O’Dea told me that the Baum show was a mix of styles. Wall plaques explain them. There are snow scenes, Allentown City scenes, and contemporary works. “The bank has come alive with art,” she said. The exhibit is imaginatively presented.
Baum was a prolific artist. During his lifetime, he must have painted thousands of works. When he died in 1956, Baum left hundreds of paintings in his Sellersville home. It was from that home that the paintings were gathered. In the Saxton book, “Walter Emerson Baum, 1884-1956”, there are 170 illustrations. In the 1960 listing of the Allentown Art Museum, the pre-1956 collection numbered 221.
I looked at the 1996 column that I wrote about Walter Emerson Baum through the eyes of Hutson-Saxton. At the time, she was a trustee and guest curator at the Allentown Art Museum where Baum was one of the founders. She was also a trustee at the Baum School of Art, which Walter Emerson Baum founded. Hutson-Saxton is a Baum expert.
Here are a few paragraphs from that column.
“During Baum’s life, his asking price for paintings ranged from $10 for a miniature to $1,700 for a three by four foot canvass. Hutson- Saxton told us that during Baum’s lifetime, he produced nearly 5,000 paintings. He produced between one and two paintings each week…
“We often think of Baum as the landscape painter and that is certainly true. He became an internationally known artist after he won the best landscape prize in the 1925 Pennsylvania Academy of the Fine Arts competition. But he was just as fond of urban scenes. Hundreds of his canvasses depict life in the city…

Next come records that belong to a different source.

(* On the class of reflexive bimodal models, $\mathcal{L}(\boxdot)$ is less expressive than $\mathcal{L}(\boxplus)$: every $\mathcal{L}(\boxdot)$-formula is equivalent on this class to some $\mathcal{L}(\boxplus)$-formula, but some $\mathcal{L}(\boxplus)$-formula is not equivalent on this class to any $\mathcal{L}(\boxdot)$-formula.
   Context: Fix a nonempty set $\mathbf{P}$ of propositional variables. A bimodal model is $\mathcal{M}=\langle S,R_1,R_2,V\rangle$ with $S$ a nonempty set, $R_1,R_2\subseteq S\times S$, and $V:\mathbf{P}\to\mathcal{P}(S)$. A bimodal model is reflexive if both $R_1$ and $R_2$ are reflexive. Write $R_i(s)=\{t\mid sR_it\}$. The languages are $\mathcal{L}(\boxdot):\ \phi::=p\mid\neg\phi\mid(\phi\wedge\phi)\mid\boxdot\phi$ and $\mathcal{L}(\boxplus):\ \phi::=p\mid\neg\phi\mid(\phi\wedge\phi)\mid\boxplus\phi$. Truth: $\mathcal{M},s\vDash p$ iff $s\in V(p)$; Booleans as usual; $\mathcal{M},s\vDash\boxdot\phi$ iff for all $t,u$ with $sR_1t$ and $sR_2u$, ($\mathcal{M},t\vDash\phi\iff\mathcal{M},u\vDash\phi$); $\mathcal{M},s\vDash\boxplus\phi$ iff ($\mathcal{M},t\vDash\phi$ for all $t\in R_1(s)$) or ($\mathcal{M},u\vDash\neg\phi$ for all $u\in R_2(s)$). Two formulas are equivalent on a class of models if they are true at exactly the same pointed models of that class. *)

From Stdlib Require Import Classical.

Set Implicit Arguments.

Inductive fdot (P : Type) : Type :=
| DVar : P -> fdot P
| DNeg : fdot P -> fdot P
| DAnd : fdot P -> fdot P -> fdot P
| DBox : fdot P -> fdot P.

Inductive fplus (P : Type) : Type :=
| PVar : P -> fplus P
| PNeg : fplus P -> fplus P
| PAnd : fplus P -> fplus P -> fplus P
| PBox : fplus P -> fplus P.

Arguments DVar {P} _.  Arguments DNeg {P} _.  Arguments DAnd {P} _ _.  Arguments DBox {P} _.
Arguments PVar {P} _.  Arguments PNeg {P} _.  Arguments PAnd {P} _ _.  Arguments PBox {P} _.

Record model (P : Type) : Type := Model {
  St : Type;
  st_inh : inhabited St;
  R1 : St -> St -> Prop;
  R2 : St -> St -> Prop;
  Val : P -> St -> Prop
}.

Definition reflexive_model (P : Type) (M : model P) : Prop :=
  (forall s, R1 M s s) /\ (forall s, R2 M s s).

Fixpoint sat_dot (P : Type) (M : model P) (s : St M) (f : fdot P) : Prop :=
  match f with
  | DVar p => Val M p s
  | DNeg g => ~ sat_dot M s g
  | DAnd g h => sat_dot M s g /\ sat_dot M s h
  | DBox g => forall t u, R1 M s t -> R2 M s u -> (sat_dot M t g <-> sat_dot M u g)
  end.

Fixpoint sat_plus (P : Type) (M : model P) (s : St M) (f : fplus P) : Prop :=
  match f with
  | PVar p => Val M p s
  | PNeg g => ~ sat_plus M s g
  | PAnd g h => sat_plus M s g /\ sat_plus M s h
  | PBox g => (forall t, R1 M s t -> sat_plus M t g)
              \/ (forall u, R2 M s u -> ~ sat_plus M u g)
  end.

Definition equiv_refl (P : Type) (f : fdot P) (g : fplus P) : Prop :=
  forall (M : model P) (s : St M), reflexive_model M ->
    (sat_dot M s f <-> sat_plus M s g).

(* On reflexive models the two boxes are interdefinable one way: boxdot phi says that
   phi is constant on R1(s) u R2(s), and since s lies in both sets this holds iff
   phi holds throughout or fails throughout, i.e. iff boxplus phi /\ boxplus ~phi.
   Conversely boxdot is symmetric in R1 and R2, so no L(boxdot)-formula can tell a
   model from the one with R1 and R2 exchanged, whereas boxplus p can. *)
From Stdlib Require Import Classical.

Lemma agree_iff_both_all_or_none {S : Type} (R1 R2 : S -> S -> Prop) (Q : S -> Prop)
    (s : S) : R1 s s -> R2 s s ->
  (forall t u, R1 s t -> R2 s u -> (Q t <-> Q u)) <->
  ((forall t, R1 s t -> Q t) \/ (forall u, R2 s u -> ~ Q u)) /\
  ((forall t, R1 s t -> ~ Q t) \/ (forall u, R2 s u -> ~ ~ Q u)).
Proof.
  intros r1 r2; split.
  - intro agree; destruct (classic (Q s)) as [Qs | nQs]; split.
    + left; intros t Ht; apply (agree t s Ht r2), Qs.
    + right; intros u Hu nQu; apply nQu, (agree s u r1 Hu), Qs.
    + right; intros u Hu Qu; apply nQs, (agree s u r1 Hu), Qu.
    + left; intros t Ht Qt; apply nQs, (agree t s Ht r2), Qt.
  - intros [[all1 | none2] [none1 | all2]] t u Ht Hu.
    + exfalso; apply (none1 s r1), all1, r1.
    + split; intros _; [apply NNPP, all2, Hu | apply all1, Ht].
    + split; intro H; exfalso; [apply (none1 t Ht H) | apply (none2 u Hu H)].
    + exfalso; apply (none2 s r2), NNPP, all2, r2.
Qed.

Fixpoint dot_to_plus {P : Type} (f : fdot P) : fplus P :=
  match f with
  | DVar p => PVar p
  | DNeg g => PNeg (dot_to_plus g)
  | DAnd g h => PAnd (dot_to_plus g) (dot_to_plus h)
  | DBox g => PAnd (PBox (dot_to_plus g)) (PBox (PNeg (dot_to_plus g)))
  end.

Lemma equiv_refl_dot_to_plus (P : Type) (f : fdot P) : equiv_refl f (dot_to_plus f).
Proof.
  intros M s Hrefl; revert s.
  induction f as [p | g IHg | g IHg h IHh | g IHg]; intro s; simpl.
  - reflexivity.
  - rewrite IHg; reflexivity.
  - rewrite IHg, IHh; reflexivity.
  - destruct Hrefl as [r1 r2].
    rewrite (agree_iff_both_all_or_none (R1 M) (R2 M) (fun x => sat_dot M x g) s
               (r1 s) (r2 s)).
    setoid_rewrite IHg; reflexivity.
Qed.

Definition swap_model {P : Type} (M : model P) : model P :=
  Model (st_inh M) (R2 M) (R1 M) (Val M).

Lemma reflexive_swap_model {P : Type} {M : model P} :
  reflexive_model M -> reflexive_model (swap_model M).
Proof. intros [r1 r2]; split; assumption. Qed.

Lemma sat_dot_swap_model (P : Type) (M : model P) (f : fdot P) (s : St M) :
  sat_dot (swap_model M) s f <-> sat_dot M s f.
Proof.
  revert s; induction f as [p | g IHg | g IHg h IHh | g IHg]; intro s; simpl.
  - reflexivity.
  - rewrite IHg; reflexivity.
  - rewrite IHg, IHh; reflexivity.
  - setoid_rewrite IHg; split; intros H t u Ht Hu; symmetry; apply H; assumption.
Qed.

Lemma not_equiv_refl_of_swap_sensitive {P : Type} {g : fplus P} {M : model P}
    {s : St M} :
  reflexive_model M -> sat_plus M s g -> ~ sat_plus (swap_model M) s g ->
  forall f : fdot P, ~ equiv_refl f g.
Proof.
  intros Hrefl Hg Hswap f Hfg; apply Hswap.
  apply (Hfg (swap_model M) s (reflexive_swap_model Hrefl)), sat_dot_swap_model.
  apply (Hfg M s Hrefl), Hg.
Qed.

Definition two_point_model (P : Type) : model P :=
  @Model P bool (inhabits true) (fun x y => x = y)
    (fun x y => x = y \/ (x = true /\ y = false)) (fun _ s => s = true).

Lemma reflexive_two_point_model (P : Type) : reflexive_model (two_point_model P).
Proof. split; simpl; auto. Qed.

Lemma sat_box_var_two_point {P : Type} (p : P) :
  sat_plus (two_point_model P) true (PBox (PVar p)).
Proof. left; simpl; intros t <-; reflexivity. Qed.

Lemma not_sat_box_var_swap_two_point {P : Type} (p : P) :
  ~ sat_plus (swap_model (two_point_model P)) true (PBox (PVar p)).
Proof.
  simpl; intros [all_true | none_true].
  - discriminate (all_true false (or_intror (conj eq_refl eq_refl))).
  - exact (none_true true eq_refl eq_refl).
Qed.

Theorem proposition3p4 (P : Type) (HP : inhabited P) :
  (forall f : fdot P, exists g : fplus P, equiv_refl f g) /\
  (exists g : fplus P, forall f : fdot P, ~ equiv_refl f g).
Proof.
  split.
  - intro f; exists (dot_to_plus f); apply equiv_refl_dot_to_plus.
  - destruct HP as [p]; exists (PBox (PVar p)).
    exact (not_equiv_refl_of_swap_sensitive (reflexive_two_point_model P)
             (sat_box_var_two_point p) (not_sat_box_var_swap_two_point p)).
Qed.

“Walter Baum created most of his best known works from Philadelphia to the Pocono’s but there are scenes from the New Jersey and Massachusetts shores too. According to Huston- Saxton, Baum’s wife, Flora, read the works of Shakespeare and poetry to him as he painted…
“Founding an art school was among his major accomplishments. For 30 years, he nurtured the idea, first in an old firehouse with five students and then in a succession of buildings, which the Allentown schools made available to him. Through the encouragement of friends and officials, the present location at 5th and Linden Sts. became the Baum School of Art’s final home…
“I particularly enjoyed hearing Hutson- Saxton’s research on the Circulating Picture Club. For just $1, you could rent a painting…that was back in 1933. It was a novel way to get local artists’ paintings into homes and businesses for display…
“It never fails to amaze me how people in the performing and non performing art world devote their lives to their craft…often living in poverty. Walter Baum paid a tremendous price for pursuing art. His parents wanted him to become a barber and follow in the footsteps of his grandfather and father…
“It’s sad that artists are seldom recognized for their genius during their lifetimes. Walter Emerson Baum did not accumulate a fortune, but for all of us, he left a legacy in paintings and the Baum School of Art,” my column concluded.
At the bank’s exhibit, Hutson- Saxton told the visitors that Baum painted every day. “Your life was better if you knew him,” she said.
The Baum show marks the official opening of the bank and will be open to the public through August.